Il plongea son regard dans le sien.
— Et je vous serais reconnaissant, Abby, de ne rien dévoiler de notre arrangement.
— Une minute ! Je ne vous ai pas encore donné mon accord et…
— Bien sûr que si, Abby. Je le vois dans vos yeux et à votre façon de regarder ce jeu de clés.
Elle se renfrogna, sachant qu’il disait vrai. Jamais elle n’aurait le cran de lui jeter ces satanées clés à la figure. D’autant que ses étudiants les observaient maintenant, entassés derrière la vitre. Avait-elle le droit de les décevoir ? Avait-elle le droit de dédaigner la chance qui s’offrait de réaliser ses rêves ?
Elle soutint le regard noir et perçant de Tanner. Ce fut soudain comme si elle redevenait la timide jeune fille d’autrefois. Son pouls s’accéléra, sa respiration se fit difficile… Tanner, le type même d’individu qu’elle s’était promise de fuir sa vie durant allait devenir son époux pour trois jours !
— Je dois poser mes conditions, dit-elle sur un ton ferme.
— Bien sûr.
— Je vous soumettrai ma liste, demain.
— Entendu, acquiesça-t il avec un large sourire. Bonsoir, Abby.
Elle l’observa tandis qu’il s’éloignait, parfaitement calme, et visiblement satisfait.
Abby, quant à elle, avait la désagréable impression d’avoir conclu un pacte avec Satan. Si Tanner s’appropriait son âme, eh bien ! il ne lui resterait plus qu’à espérer qu’il ne lui ravisse pas son cœur…
— Quelque chose qui ne va pas ? Tu es souffrante ?
Abby fronça les sourcils en entendant le ton suspicieux de Dixie. Celle-ci, la pause déjeuner ayant sonné pour les employés de Tanner Enterprises, en avait profité pour lui téléphoner.
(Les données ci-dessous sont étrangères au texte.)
(* Let $\mathbb{F}$ be a field, $\Gamma$ a finite abelian group written multiplicatively with unit $e$, and $M_1,M_2$ $\mathbb{F}$-representable matroids on a common ground set $E$ of the same rank $r$, with $A_k$ an $r\times E$ matrix over $\mathbb{F}$ representing $M_k$ ($k=1,2$). Let $\psi\colon E\to\Gamma$ be a labeling, let $D_\psi$ be the $E\times E$ diagonal matrix whose $(j,j)$ entry is $x_j\psi(j)$, where $\{x_j\}_{j\in E}$ are indeterminates, viewed as a matrix over the group ring $\mathbb{F}(\{x_j\}_{j\in E})[\Gamma]$, and let $\Xi:=A_1D_\psi A_2^\top$. Then for each $g\in\Gamma$, the coefficient of $g$ in $\det(\Xi)$ is a non-zero polynomial in $\{x_j\}_{j\in E}$ if and only if $M_1$ and $M_2$ have a common basis $B$ with $\prod_{j\in B}\psi(j)=g$.
   Context: $A_k$ represents $M_k$ means the bases of $M_k$ are exactly the sets of columns forming a basis of the column space. The group ring $R[\Gamma]$ over a commutative ring $R$ is the set of formal sums $\sum_{g\in\Gamma}a_g g$ with $a_g\in R$, with the natural addition and multiplication $(\sum a_g g)(\sum b_h h)=\sum a_g b_h\,gh$; the coefficient of $g$ in $\det(\Xi)$ lies in $\mathbb{F}[\{x_j\}]$. *)

From HB Require Import structures.
From mathcomp Require Import all_boot all_order all_algebra all_fingroup.
From mathcomp Require Import mpoly.
Set Implicit Arguments. Unset Strict Implicit. Unset Printing Implicit Defensive.
Import GRing.Theory.

(* The group ring R[G] of a finite group G over a ring R:             *)
(* formal sums \sum_g a_g g, represented by the coefficient function  *)
(* g |-> a_g, with pointwise addition and convolution product         *)
Section GroupRing.
Variables (R : pzRingType) (G : finGroupType).

Definition grpring := {ffun G -> R}.
HB.instance Definition _ := GRing.Zmodule.on grpring.

Local Open Scope ring_scope.

Definition gr_one : grpring := [ffun x => ((x == 1%g)%:R : R)].
Definition gr_mul (f h : grpring) : grpring :=
  [ffun x => \sum_(y : G) f y * h ((y^-1) * x)%g].

Lemma gr_mulA : associative gr_mul.
Proof.
move=> f h k; apply/ffunP=> x; rewrite /gr_mul !ffunE.
under [RHS]eq_bigr do rewrite ffunE big_distrl /=.
rewrite exchange_big /=.
apply: eq_bigr => y _; rewrite ffunE big_distrr /=.
rewrite [RHS](reindex (fun w => (y * w)%g)) /=; last first.
  by exists (fun z => (y^-1 * z)%g) => z _; rewrite ?mulKg ?mulKVg.
apply: eq_bigr => w _; rewrite mulKg mulrA invMg -mulgA.
by [].
Qed.

Lemma gr_mul1 : left_id gr_one gr_mul.
Proof.
move=> f; apply/ffunP=> x; rewrite /gr_mul ffunE (bigD1 1%g) //= big1 ?addr0.
  by rewrite ffunE eqxx mul1r invg1 mul1g.
by move=> y /negbTE ny1; rewrite ffunE ny1 mul0r.
Qed.

Lemma gr_mulr1 : right_id gr_one gr_mul.
Proof.
move=> f; apply/ffunP=> x; rewrite /gr_mul ffunE (bigD1 x) //= big1 ?addr0.
  by rewrite ffunE mulVg eqxx mulr1.
move=> y nyx; rewrite ffunE.
have -> : ((y^-1 * x)%g == 1%g) = false.
  by apply/negbTE; rewrite -eq_mulVg1.
by rewrite mulr0.
Qed.

Lemma gr_mulDl : left_distributive gr_mul +%R.
Proof.
move=> f h k; apply/ffunP=> x; rewrite /gr_mul !ffunE -big_split /=.
by apply: eq_bigr => y _; rewrite ffunE mulrDl.
Qed.

Lemma gr_mulDr : right_distributive gr_mul +%R.
Proof.
move=> f h k; apply/ffunP=> x; rewrite /gr_mul !ffunE -big_split /=.
by apply: eq_bigr => y _; rewrite ffunE mulrDr.
Qed.

HB.instance Definition _ :=
  GRing.Zmodule_isPzRing.Build grpring gr_mulA gr_mul1 gr_mulr1 gr_mulDl gr_mulDr.

Definition gr_elem (c : R) (g : G) : grpring := [ffun x => if x == g then c else 0].

Definition gr_coef (f : grpring) (g : G) : R := f g.

End GroupRing.

(* Matroid represented by an r x m matrix A over a field F, with       *)
(* ground set E = 'I_m: B is a basis iff the columns of A indexed by B *)
(* form a basis of the column space of A (linearly independent and     *)
(* spanning the column space).                                         *)
Section Matroid.
Local Open Scope ring_scope.
Variables (F : fieldType) (r m : nat).

Definition cols_of (A : 'M[F]_(r, m)) (B : {set 'I_m}) : 'M[F]_(r, #|B|) :=
  colsub (fun i : 'I_#|B| => enum_val i) A.

Definition is_rep_basis (A : 'M[F]_(r, m)) (B : {set 'I_m}) : bool :=
  row_free (cols_of A B)^T && (A^T <= (cols_of A B)^T)%MS.

End Matroid.

Section Xi.
Local Open Scope ring_scope.
Variables (F : fieldType) (G : finGroupType) (r m : nat).

Definition lift_mx (A : 'M[F]_(r, m)) : 'M[grpring {mpoly F[m]} G]_(r, m) :=
  map_mx (fun c => gr_elem (c%:MP) 1%g) A.

Definition D_psi (psi : 'I_m -> G) : 'M[grpring {mpoly F[m]} G]_m :=
  diag_mx (\row_j gr_elem 'X_j (psi j)).

Definition Xi (A1 A2 : 'M[F]_(r, m)) (psi : 'I_m -> G) :
    'M[grpring {mpoly F[m]} G]_r :=
  lift_mx A1 *m D_psi psi *m (lift_mx A2)^T.

End Xi.

(* Expanding det Xi multilinearly, the coefficient of g is the polynomial
   sum over f : 'I_r -> E with psi(f 0) ... psi(f (r-1)) = g of
   (prod_i A1 i (f i)) * det (columns f of A2) * x^f.  Terms with a
   non-injective f vanish, and two injective f with the same monomial x^f
   differ by a permutation of 'I_r; as Gamma is abelian they have the same
   psi-product, and summing over the permutations is one factor of the
   Cauchy-Binet formula.  So the coefficient of x^B, for B the image of an
   injective f with psi-product g, is det A1[B] * det A2[B], which is
   non-zero iff B is a common basis; all other coefficients vanish. *)
From HB Require Import structures.
From mathcomp Require Import all_boot all_order all_algebra all_fingroup.
From mathcomp Require Import mpoly.
Import GRing.Theory.
Local Open Scope ring_scope.
Set Implicit Arguments. Unset Strict Implicit. Unset Printing Implicit Defensive.

Section GroupRingElements.
Variables (R : pzRingType) (G : finGroupType).
Local Notation RG := (grpring R G).

Lemma gr_elemM (a b : R) (x y : G) :
  gr_elem a x * gr_elem b y = gr_elem (a * b) (x * y)%g :> RG.
Proof.
apply/ffunP=> z; rewrite /GRing.mul /= /gr_mul !ffunE.
rewrite (bigD1 x) //= big1 ?addr0 => [|w /negbTE nwx]; last by rewrite ffunE nwx mul0r.
rewrite !ffunE eqxx -(can_eq (mulKg x)) mulKVg.
by case: eqP; rewrite ?mulr0.
Qed.

Lemma gr_one_elem : (1 : RG) = gr_elem 1 1%g.
Proof. by apply/ffunP=> z; rewrite !ffunE; case: eqP. Qed.

Lemma gr_elem_prod (I : Type) (s : seq I) (a : I -> R) (h : I -> G) :
  \prod_(i <- s) gr_elem (a i) (h i)
    = gr_elem (\prod_(i <- s) a i) (\prod_(i <- s) h i)%g :> RG.
Proof.
elim: s => [|i s IHs]; first by rewrite !big_nil gr_one_elem.
by rewrite !big_cons IHs gr_elemM.
Qed.

Lemma gr_coef_sum (I : Type) (s : seq I) (P : pred I) (f : I -> RG) (g : G) :
  gr_coef (\sum_(i <- s | P i) f i) g = \sum_(i <- s | P i) gr_coef (f i) g.
Proof. exact: sum_ffunE. Qed.

Lemma gr_coef_elem (a : R) (x g : G) :
  gr_coef (gr_elem a x : RG) g = if x == g then a else 0.
Proof. by rewrite /gr_coef ffunE eq_sym. Qed.

Lemma gr_coef_signM (b : bool) (f : RG) (g : G) :
  gr_coef ((-1) ^+ b * f) g = (-1) ^+ b * gr_coef f g.
Proof. by rewrite !mulr_sign; case: b; rewrite // /gr_coef ffunE. Qed.

End GroupRingElements.

Section ColumnBases.
Variables (F : fieldType) (r m : nat).

Lemma trmx_colsub k (f : 'I_k -> 'I_m) (A : 'M[F]_(r, m)) :
  (colsub f A)^T = rowsub f A^T.
Proof. by apply/matrixP => i j; rewrite !mxE. Qed.

Lemma submx_rowsub_im k k' (f : 'I_k -> 'I_m) (f' : 'I_k' -> 'I_m)
    (X : 'M[F]_(m, r)) :
  (forall i, exists j, f i = f' j) -> (rowsub f X <= rowsub f' X)%MS.
Proof.
move=> im_f; apply/row_subP => i; rewrite row_rowsub.
by have [j ->] := im_f i; rewrite -(row_rowsub f') row_sub.
Qed.

Lemma is_rep_basisE (A : 'M[F]_(r, m)) (B : {set 'I_m}) : \rank A = r ->
  is_rep_basis A B = (\rank (cols_of A B) == #|B|) && (\rank (cols_of A B) == r).
Proof.
move=> rkA; have subA : ((cols_of A B)^T <= A^T)%MS.
  by rewrite trmx_colsub rowsub_sub.
by rewrite /is_rep_basis /row_free -(mxrank_leqif_sup subA).2 !mxrank_tr rkA.
Qed.

Lemma card_rep_basis (A : 'M[F]_(r, m)) (B : {set 'I_m}) :
  \rank A = r -> is_rep_basis A B -> #|B| = r.
Proof. by move=> rkA; rewrite is_rep_basisE // => /andP[/eqP -> /eqP]. Qed.

Lemma det_colsub_neq0_inj (A : 'M[F]_(r, m)) (f : 'I_r -> 'I_m) :
  \det (colsub f A) != 0 -> injective f.
Proof.
move=> detA; apply/injectiveP; apply: contraR detA => /injectivePn[i1 [i2 ne12 f12]].
by rewrite -det_tr (determinant_alternate ne12) // => k; rewrite !mxE f12.
Qed.

Lemma is_rep_basis_imset (A : 'M[F]_(r, m)) (f : 'I_r -> 'I_m) :
  \rank A = r -> injective f ->
  is_rep_basis A (f @: [set: 'I_r]) = (\det (colsub f A) != 0).
Proof.
move=> rkA f_inj; set B := f @: _.
have cardB : #|B| = r by rewrite card_imset // cardsT card_ord.
have eq_cols : ((cols_of A B)^T == (colsub f A)^T)%MS.
  rewrite /cols_of !trmx_colsub; apply/andP; split; apply: submx_rowsub_im => i.
    by have /imsetP[j _ ->] := enum_valP i; exists j.
  have Bfi : f i \in B by apply: imset_f.
  by exists (enum_rank_in Bfi (f i)); rewrite enum_rankK_in.
rewrite is_rep_basisE // -mxrank_tr (eqmx_rank eq_cols) mxrank_tr cardB andbb.
by rewrite -unitfE -unitmxE -row_free_unit.
Qed.

End ColumnBases.

Lemma enum_set_ord (T : finType) (B : {set T}) (r : nat) : #|B| = r ->
  exists2 f : 'I_r -> T, injective f & f @: [set: 'I_r] = B.
Proof.
move=> cardB; exists (fun i => enum_val (cast_ord (esym cardB) i)).
  by move=> i j /enum_val_inj /cast_ord_inj.
apply/setP => j; apply/imsetP/idP => [[i _ ->] | Bj]; first exact: enum_valP.
by exists (cast_ord cardB (enum_rank_in Bj j)); rewrite // cast_ordK enum_rankK_in.
Qed.

Section Monomials.
Variables (r m : nat).

Definition mnm_of (f : 'I_r -> 'I_m) : 'X_{1..m} := (\sum_i U_(f i))%MM.

Lemma mnm_ofE (f : 'I_r -> 'I_m) j : mnm_of f j = (\sum_i (f i == j))%N.
Proof. by rewrite /mnm_of mnm_sumE; apply: eq_bigr => i _; rewrite mnm1E. Qed.

Lemma prod_mpolyX (R : nzRingType) (f : 'I_r -> 'I_m) :
  \prod_i ('X_(f i) : {mpoly R[m]}) = 'X_[mnm_of f].
Proof.
rewrite /mnm_of; elim: (index_enum _) => [|i s IHs].
  by rewrite !big_nil mpolyX0.
by rewrite !big_cons IHs mpolyXD.
Qed.

Lemma mnm_of_perm (f : 'I_r -> 'I_m) (s : 'S_r) : mnm_of (f \o s) = mnm_of f.
Proof. by rewrite /mnm_of [RHS](reindex_perm s). Qed.

Lemma mnm_of_inj_perm (f0 f : 'I_r -> 'I_m) :
  injective f0 -> injective f -> mnm_of f = mnm_of f0 ->
  exists s : 'S_r, f =1 f0 \o s.
Proof.
move=> f0_inj f_inj mnm_f.
have im_f i : exists k, f0 k = f i.
  have : (0 < mnm_of f (f i))%N by rewrite mnm_ofE (bigD1 i) //= eqxx.
  rewrite mnm_f mnm_ofE; have [k /eqP f0k _ | f0N] := pickP (fun k => f0 k == f i).
    by exists k.
  by rewrite big1 // => k _; rewrite f0N.
have [s' s'E] := fin_all_exists im_f.
have s'_inj : injective s' by move=> i j eq_ij; apply: f_inj; rewrite -!s'E eq_ij.
by exists (perm s'_inj) => i; rewrite /= permE s'E.
Qed.

End Monomials.

Section ExpansionOfXi.
Variables (F : fieldType) (G : finGroupType) (r m : nat).
Variables (A1 A2 : 'M[F]_(r, m)) (psi : 'I_m -> G).

Definition expansion_coef (f : 'I_r -> 'I_m) : F :=
  (\prod_i A1 i (f i)) * \det (colsub f A2).

Lemma XiE i k : Xi A1 A2 psi i k =
  \sum_j gr_elem ((A1 i j)%:MP * 'X_j * (A2 k j)%:MP) (psi j).
Proof.
rewrite /Xi /D_psi mul_mx_diag !mxE; apply: eq_bigr => j _.
by rewrite !mxE !gr_elemM mul1g mulg1.
Qed.

Lemma coef_det_Xi g : gr_coef (\det (Xi A1 A2 psi)) g =
  \sum_(f : {ffun 'I_r -> 'I_m} | (\prod_i psi (f i))%g == g)
     (expansion_coef f)%:MP * 'X_[mnm_of f].
Proof.
rewrite [in LHS]/determinant gr_coef_sum.
under eq_bigr => s _.
  rewrite gr_coef_signM; under eq_bigr do rewrite XiE.
  rewrite bigA_distr_bigA gr_coef_sum.
  under eq_bigr do rewrite gr_elem_prod gr_coef_elem.
  rewrite -big_mkcond /= big_distrr /=.
  over.
rewrite exchange_big /=; apply: eq_bigr => f _.
rewrite rmorphM rmorph_prod -det_tr -det_map_mx /determinant big_distrr big_distrl /=.
apply: eq_bigr => s _; rewrite mulrCA -mulrA; congr (_ * _).
rewrite -prod_mpolyX -!big_split /=; apply: eq_bigr => i _.
by rewrite !mxE mulrAC.
Qed.

Lemma mcoeff_coef_det_Xi g mm : (gr_coef (\det (Xi A1 A2 psi)) g)@_mm =
  \sum_(f : {ffun 'I_r -> 'I_m} | ((\prod_i psi (f i))%g == g) && (mnm_of f == mm))
     expansion_coef f.
Proof.
rewrite coef_det_Xi raddf_sum big_mkcondr /=; apply: eq_bigr => f _.
by rewrite mcoeffCM mcoeffX; case: eqP; rewrite ?mulr1 ?mulr0.
Qed.

Lemma expansion_coef_neq0_inj f : expansion_coef f != 0 -> injective f.
Proof. by rewrite mulf_eq0 negb_or => /andP[_ /det_colsub_neq0_inj]. Qed.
Abby s’attendait au coup de fil de son amie. Ce dont elle ne se doutait pas, en revanche, c’était qu’elle aurait aussi furieusement envie de parler à Dixie du week-end à venir. Une envie qu’elle se devait d’ignorer, bien sûr…
— Abby, que me caches-tu ? s’enquit Dixie. Depuis ton arrivée ici, tu n’as jamais pris une seule journée…
Abby s’enfonça dans son fauteuil en osier et contempla rêveusement l’agitation de la rue, quelques mètres plus bas, juste au-dessous du minuscule balcon de son non moins minuscule studio.
— J’ai une migraine atroce, voilà tout.
C’était la vérité. Cette satanée migraine était apparue la veille et ne la lâchait plus depuis. Pas étonnant, avec tous ces événements… Et elle n’était pas au bout de ses peines : Tanner devait débarquer d’une minute à l’autre pour l’emmener à cette ridicule séance de relookage.
Quelle folie l’avait prise d’accepter ? Quoi qu’on fît pour la relooker, il n’émanerait jamais d’elle ni cette délicate sophistication qui illuminait certaines jeunes femmes ni cette fabuleuse grâce qui en habitait d’autres. La cause était entendue et désespérée… Oui, quelle folie ! Les parfaits inconnus qu’elle allait rencontrer ce week-end s’amuseraient bien à ses dépens…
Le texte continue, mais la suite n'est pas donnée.